Stored items
------------------------------
(* Let $n,k\in\mathbb{N}$. A class of finite graphs all of which have $n$-depth tree-width at most $k$ is $\mathrm{MSO}_2$-orderable if, and only if, it is finite (up to isomorphism). Consequently, the class of all finite graphs of $n$-depth tree-width at most $k$ is hereditarily $\mathrm{MSO}_2$-unorderable.
   Context: Graphs are finite, simple, undirected. A graph has $n$-depth tree-width at most $k$ if it has a tree decomposition of width at most $k$ (all bags of size at most $k+1$) whose index tree is rooted and has height at most $n$. For $G=\langle V,E\rangle$, $\lceil G\rceil=\langle V\cup E,\mathrm{inc}\rangle$ (universe $V\cup E$, incidence relation). An MSO-formula $\varphi(x,y;Z_0,\dots,Z_{m-1})$ defines an order on a class $\mathcal{C}$ of structures if for every non-empty $\mathfrak{A}\in\mathcal{C}$ there are $P_0,\dots,P_{m-1}\subseteq A$ with $\{(a,b):\mathfrak{A}\models\varphi(a,b;\bar P)\}$ a linear order on $A$; a graph class is $\mathrm{MSO}_2$-orderable if some MSO-formula defines an order on $\{\lceil G\rceil\}$. A class is hereditarily $\mathrm{MSO}_2$-unorderable if it is infinite (up to isomorphism) and no infinite subclass is $\mathrm{MSO}_2$-orderable. *)

From mathcomp Require Import all_boot.
Set Implicit Arguments. Unset Strict Implicit. Unset Printing Implicit Defensive.

Record graph := Graph {
  gn : nat;
  gadj : rel 'I_gn;
  gadj_irr : irreflexive gadj;
  gadj_sym : symmetric gadj }.

Definition graph_iso (G H : graph) : Prop :=
  exists f : 'I_(gn G) -> 'I_(gn H),
    bijective f /\ forall u v, @gadj H (f u) (f v) = @gadj G u v.

Definition finite_up_to_iso (C : graph -> Prop) : Prop :=
  exists (N : nat) (L : 'I_N -> graph), forall G, C G -> exists i, graph_iso G (L i).

(* A rooted tree on nodes 'I_m with root r is given by a parent map [par]
   with [par r = r]; the requirement that every node reaches the root in
   d parent steps ([iter d par t = r]) says it is a tree of height <= d. *)
Definition tree_adj m (par : 'I_m -> 'I_m) : rel 'I_m :=
  fun a b => (a != b) && ((par a == b) || (par b == a)).

Definition depth_tw_le (d k : nat) (G : graph) : Prop :=
  exists (m : nat) (par : 'I_m -> 'I_m) (r : 'I_m) (B : 'I_m -> {set 'I_(gn G)}),
    [/\ par r = r,
        (forall t, iter d par t = r),
        (forall v, exists t, v \in B t) &
      [/\ (forall u v, @gadj G u v -> exists t, (u \in B t) && (v \in B t)),
        (forall v t1 t2, v \in B t1 -> v \in B t2 ->
           connect [rel a b | [&& tree_adj par a b, v \in B a & v \in B b]] t1 t2)
      & (forall t, #|B t| <= k.+1)]].

(** * The incidence structure [G] = <V u E, inc> *)
Definition is_edge (G : graph) (s : {set 'I_(gn G)}) : bool :=
  [exists u, exists v, @gadj G u v && (s == [set u; v])].

Definition inc_univ (G : graph) : finType :=
  ('I_(gn G) + {s : {set 'I_(gn G)} | @is_edge G s})%type.

Definition inc_rel (G : graph) : rel (inc_univ G) :=
  fun a b => match a, b with
             | inl v, inr s => v \in val s
             | _, _ => false
             end.

Inductive mso : Type :=
| MEq  of nat & nat
| MRel of nat & nat
| MIn  of nat & nat
| MNot of mso
| MAnd of mso & mso
| MEx1 of nat & mso
| MEx2 of nat & mso.

Definition upd (T : Type) (e : nat -> T) (i : nat) (a : T) : nat -> T :=
  fun j => if j == i then a else e j.

Fixpoint holds (A : finType) (R : rel A) (e1 : nat -> A) (e2 : nat -> {set A})
    (f : mso) : Prop :=
  match f with
  | MEq x y => e1 x = e1 y
  | MRel x y => R (e1 x) (e1 y)
  | MIn x X => e1 x \in e2 X
  | MNot g => ~ holds R e1 e2 g
  | MAnd g h => holds R e1 e2 g /\ holds R e1 e2 h
  | MEx1 x g => exists a, holds R (upd e1 x a) e2 g
  | MEx2 X g => exists S, holds R e1 (upd e2 X S) g
  end.

Definition env_xy (A : Type) (a b : A) : nat -> A :=
  fun i => if i == 0 then a else b.

Definition linear_order (A : Type) (R : A -> A -> Prop) : Prop :=
  [/\ (forall a, R a a),
      (forall a b, R a b -> R b a -> a = b),
      (forall a b c, R a b -> R b c -> R a c)
    & (forall a b, R a b \/ R b a)].

Definition mso_defines_order (phi : mso) (C : graph -> Prop) : Prop :=
  forall G, C G -> 0 < #|{: inc_univ G}| ->
    exists P : nat -> {set inc_univ G},
      linear_order (fun a b => holds (@inc_rel G) (env_xy a b) P phi).

Definition mso2_orderable (C : graph -> Prop) : Prop :=
  exists phi : mso, mso_defines_order phi C.

Definition hered_mso2_unorderable (C : graph -> Prop) : Prop :=
  ~ finite_up_to_iso C /\
  forall D : graph -> Prop, (forall G, D G -> C G) ->
    ~ finite_up_to_iso D -> ~ mso2_orderable D.

From Stdlib Require Import Setoid.
From mathcomp Require Import all_boot.
Set Implicit Arguments. Unset Strict Implicit. Unset Printing Implicit Defensive.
------------------------------
WHAT TO DO — Please reproduce the closing stretch of the records, from the line with "(** * The incidence" through the last line, exactly as it stands.

WRITTEN SOLUTION —
(** * The incidence structure [G] = <V u E, inc> *)
Definition is_edge (G : graph) (s : {set 'I_(gn G)}) : bool :=
  [exists u, exists v, @gadj G u v && (s == [set u; v])].

Definition inc_univ (G : graph) : finType :=
  ('I_(gn G) + {s : {set 'I_(gn G)} | @is_edge G s})%type.

Definition inc_rel (G : graph) : rel (inc_univ G) :=
  fun a b => match a, b with
             | inl v, inr s => v \in val s
             | _, _ => false
             end.

Inductive mso : Type :=
| MEq  of nat & nat
| MRel of nat & nat
| MIn  of nat & nat
| MNot of mso
| MAnd of mso & mso
| MEx1 of nat & mso
| MEx2 of nat & mso.

Definition upd (T : Type) (e : nat -> T) (i : nat) (a : T) : nat -> T :=
  fun j => if j == i then a else e j.

Fixpoint holds (A : finType) (R : rel A) (e1 : nat -> A) (e2 : nat -> {set A})
    (f : mso) : Prop :=
  match f with
  | MEq x y => e1 x = e1 y
  | MRel x y => R (e1 x) (e1 y)
  | MIn x X => e1 x \in e2 X
  | MNot g => ~ holds R e1 e2 g
  | MAnd g h => holds R e1 e2 g /\ holds R e1 e2 h
  | MEx1 x g => exists a, holds R (upd e1 x a) e2 g
  | MEx2 X g => exists S, holds R e1 (upd e2 X S) g
  end.

Definition env_xy (A : Type) (a b : A) : nat -> A :=
  fun i => if i == 0 then a else b.

Definition linear_order (A : Type) (R : A -> A -> Prop) : Prop :=
  [/\ (forall a, R a a),
      (forall a b, R a b -> R b a -> a = b),
      (forall a b c, R a b -> R b c -> R a c)
    & (forall a b, R a b \/ R b a)].

Definition mso_defines_order (phi : mso) (C : graph -> Prop) : Prop :=
  forall G, C G -> 0 < #|{: inc_univ G}| ->
    exists P : nat -> {set inc_univ G},
      linear_order (fun a b => holds (@inc_rel G) (env_xy a b) P phi).

Definition mso2_orderable (C : graph -> Prop) : Prop :=
  exists phi : mso, mso_defines_order phi C.

Definition hered_mso2_unorderable (C : graph -> Prop) : Prop :=
  ~ finite_up_to_iso C /\
  forall D : graph -> Prop, (forall G, D G -> C G) ->
    ~ finite_up_to_iso D -> ~ mso2_orderable D.

From Stdlib Require Import Setoid.
From mathcomp Require Import all_boot.
Set Implicit Arguments. Unset Strict Implicit. Unset Printing Implicit Defensive.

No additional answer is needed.